As she emerged she heard Dowd's voice, somewhere in the labyrinth behind her. "What have you been doing, lovey?"
She wasn't quite sure, was the truth. Though she'd been the initiator of this unbinding, she wasn't its mistress. The cords had an urgency of their own, and whether it was Celestine who moved them, or Roxborough who'd plaited into them the instruction to destroy anyone who came seeking his prisoner's release, they were not about to be placated or contained. Some were snatching at the edge of the hole, dragging away more of the bricks. Others, demonstrating an elasticity she hadn't expected, were nosing over the rubble, turning over stones and books as they advanced.
"Oh, my Lord," she heard Dowd say, and turned to see him standing in the passageway half a dozen yards behind her, with his surgeon's knife in one hand and a bloody handkerchief in the other.

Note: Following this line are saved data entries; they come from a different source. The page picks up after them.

(* Let $(\mathcal{A},e)$ be an order-unit space and $L$ a closed Lip-norm on $\mathcal{A}$. Let $\mathcal{K}=\{\tilde a\in\mathcal{A}/\mathbb{R}e: \tilde L(\tilde a)\le1\}$ and let $Af_0(\mathcal{K})$ be the Banach space of $\|\cdot\|^{\sim}$-continuous affine real functions on $\mathcal{K}$ vanishing at $0$, with the supremum norm. Each $\lambda\in\mathcal{A}'^0=\{\lambda\in\mathcal{A}':\lambda(e)=0\}$ defines a function $\tilde a\mapsto\lambda(a)$ on $\mathcal{K}$ belonging to $Af_0(\mathcal{K})$; the set of functions so obtained is dense in $Af_0(\mathcal{K})$ for the supremum norm.
   Context: An order-unit space is a real partially ordered vector space $\mathcal{A}$ with distinguished $e$ such that (i) for each $a$ there is $r$ with $a\le re$, and (ii) if $a\le re$ for all $r>0$ then $a\le0$; norm $\|a\|=\inf\{r\ge0:-re\le a\le re\}$ (not necessarily complete), with Banach dual $\mathcal{A}'$. $\|\tilde a\|^{\sim}=\inf_t\|a+te\|$ is the quotient norm on $\mathcal{A}/\mathbb{R}e$, and $\tilde L(\tilde a)=L(a)$. A Lip-norm is a finite-valued seminorm $L$ on $\mathcal{A}$ with: (1) $L(a)=0$ iff $a\in\mathbb{R}e$; (2) $\{a:L(a)\le1\}$ is norm-closed; (3) the image of $\{a:L(a)\le1\}$ in $\mathcal{A}/\mathbb{R}e$ is totally bounded for $\|\cdot\|^{\sim}$. $L$ is closed if $\{a:L(a)\le1\}$ is complete for the norm metric. *)

From HB Require Import structures.
From mathcomp Require Import all_boot all_order all_algebra.
From mathcomp Require Import boolp classical_sets reals.
Set Implicit Arguments. Unset Strict Implicit. Unset Printing Implicit Defensive.
Import Order.TTheory GRing.Theory Num.Theory.
Local Open Scope ring_scope.
Local Open Scope classical_set_scope.

Section OrderUnit.
Variables (R : realType) (A : lmodType R).

Definition is_partially_ordered_vs (le : A -> A -> Prop) : Prop :=
  [/\ forall a, le a a,
      forall a b, le a b -> le b a -> a = b,
      forall a b c, le a b -> le b c -> le a c,
      forall a b c, le a b -> le (a + c) (b + c) &
      forall a b (s : R), le a b -> 0 <= s -> le (s *: a) (s *: b)].

Definition is_order_unit_space (le : A -> A -> Prop) (e : A) : Prop :=
  [/\ is_partially_ordered_vs le,
      forall a, exists r : R, le a (r *: e) &
      forall a, (forall r : R, 0 < r -> le a (r *: e)) -> le a 0].

Definition ou_norm (le : A -> A -> Prop) (e : A) (a : A) : R :=
  inf [set r : R | 0 <= r /\ le (- (r *: e)) a /\ le a (r *: e)].

(* quotient norm on A / Re, computed on a representative: inf_t ||a + t e|| *)
Definition q_norm (le : A -> A -> Prop) (e : A) (a : A) : R :=
  inf [set ou_norm le e (a + t *: e) | t in [set: R]].

Definition in_dual (le : A -> A -> Prop) (e : A) (lam : A -> R) : Prop :=
  (forall (s : R) a b, lam (s *: a + b) = s * lam a + lam b) /\
  exists C : R, forall a, `|lam a| <= C * ou_norm le e a.

Definition is_seminorm (L : A -> R) : Prop :=
  (forall a b, L (a + b) <= L a + L b) /\
  (forall (s : R) a, L (s *: a) = `|s| * L a).

Definition is_lip_norm (le : A -> A -> Prop) (e : A) (L : A -> R) : Prop :=
  [/\ is_seminorm L,
      (forall a, L a = 0 <-> exists t : R, a = t *: e),
      (forall a, (forall eps : R, 0 < eps ->
                   exists b, L b <= 1 /\ ou_norm le e (a - b) < eps) -> L a <= 1) &
      (forall eps : R, 0 < eps -> exists s : seq A,
          forall a, L a <= 1 -> exists2 b, b \in s & q_norm le e (a - b) < eps)].

Definition is_closed_lip_norm (le : A -> A -> Prop) (e : A) (L : A -> R) : Prop :=
  is_lip_norm le e L /\
  forall u : nat -> A, (forall n, L (u n) <= 1) ->
    (forall eps : R, 0 < eps -> exists N : nat, forall m n : nat,
        (N <= m)%N -> (N <= n)%N -> ou_norm le e (u m - u n) < eps) ->
    exists2 a, L a <= 1 & forall eps : R, 0 < eps -> exists N : nat,
        forall n : nat, (N <= n)%N -> ou_norm le e (u n - a) < eps.

(* f : A -> R represents an element of Af_0(K), K = {a~ : L~(a~) <= 1}:
   it is well defined on classes of A/Re (within K), affine on K,
   vanishes at 0 and is continuous on K for the quotient norm. Only the
   values of f on {a : L a <= 1} matter. *)
Definition in_Af0K (le : A -> A -> Prop) (e : A) (L : A -> R) (f : A -> R) : Prop :=
  [/\ (forall a (t : R), L a <= 1 -> f (a + t *: e) = f a),
      (forall a b (s : R), L a <= 1 -> L b <= 1 -> 0 <= s <= 1 ->
          f (s *: a + (1 - s) *: b) = s * f a + (1 - s) * f b),
      f 0 = 0 &
      (forall a, L a <= 1 -> forall eps : R, 0 < eps ->
          exists2 del : R, 0 < del & forall b, L b <= 1 ->
             q_norm le e (b - a) < del -> `|f b - f a| < eps)].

This was the first sight she had of him head to foot, and the burden of Pivot shards he carried was apparent. He looked utterly maladroit, his shoulders mismatched and his left leg turned inward, as though a shattered bone had been badly set.
"What's in there?" he said, hobbling towards her. "Is this your friend?"
"I suggest you keep your distance," she said.
He ignored her. "Did Roxborough wall something up? Look at those things! Is it an Oviate?"
"No."
"What then? Godolphin never told me about this."
"He didn't know."
"But you did?" he said, glancing back at her as he advanced to study the cords, which were emerging all the time. "I'm impressed. We've both kept our little secrets, haven't we?"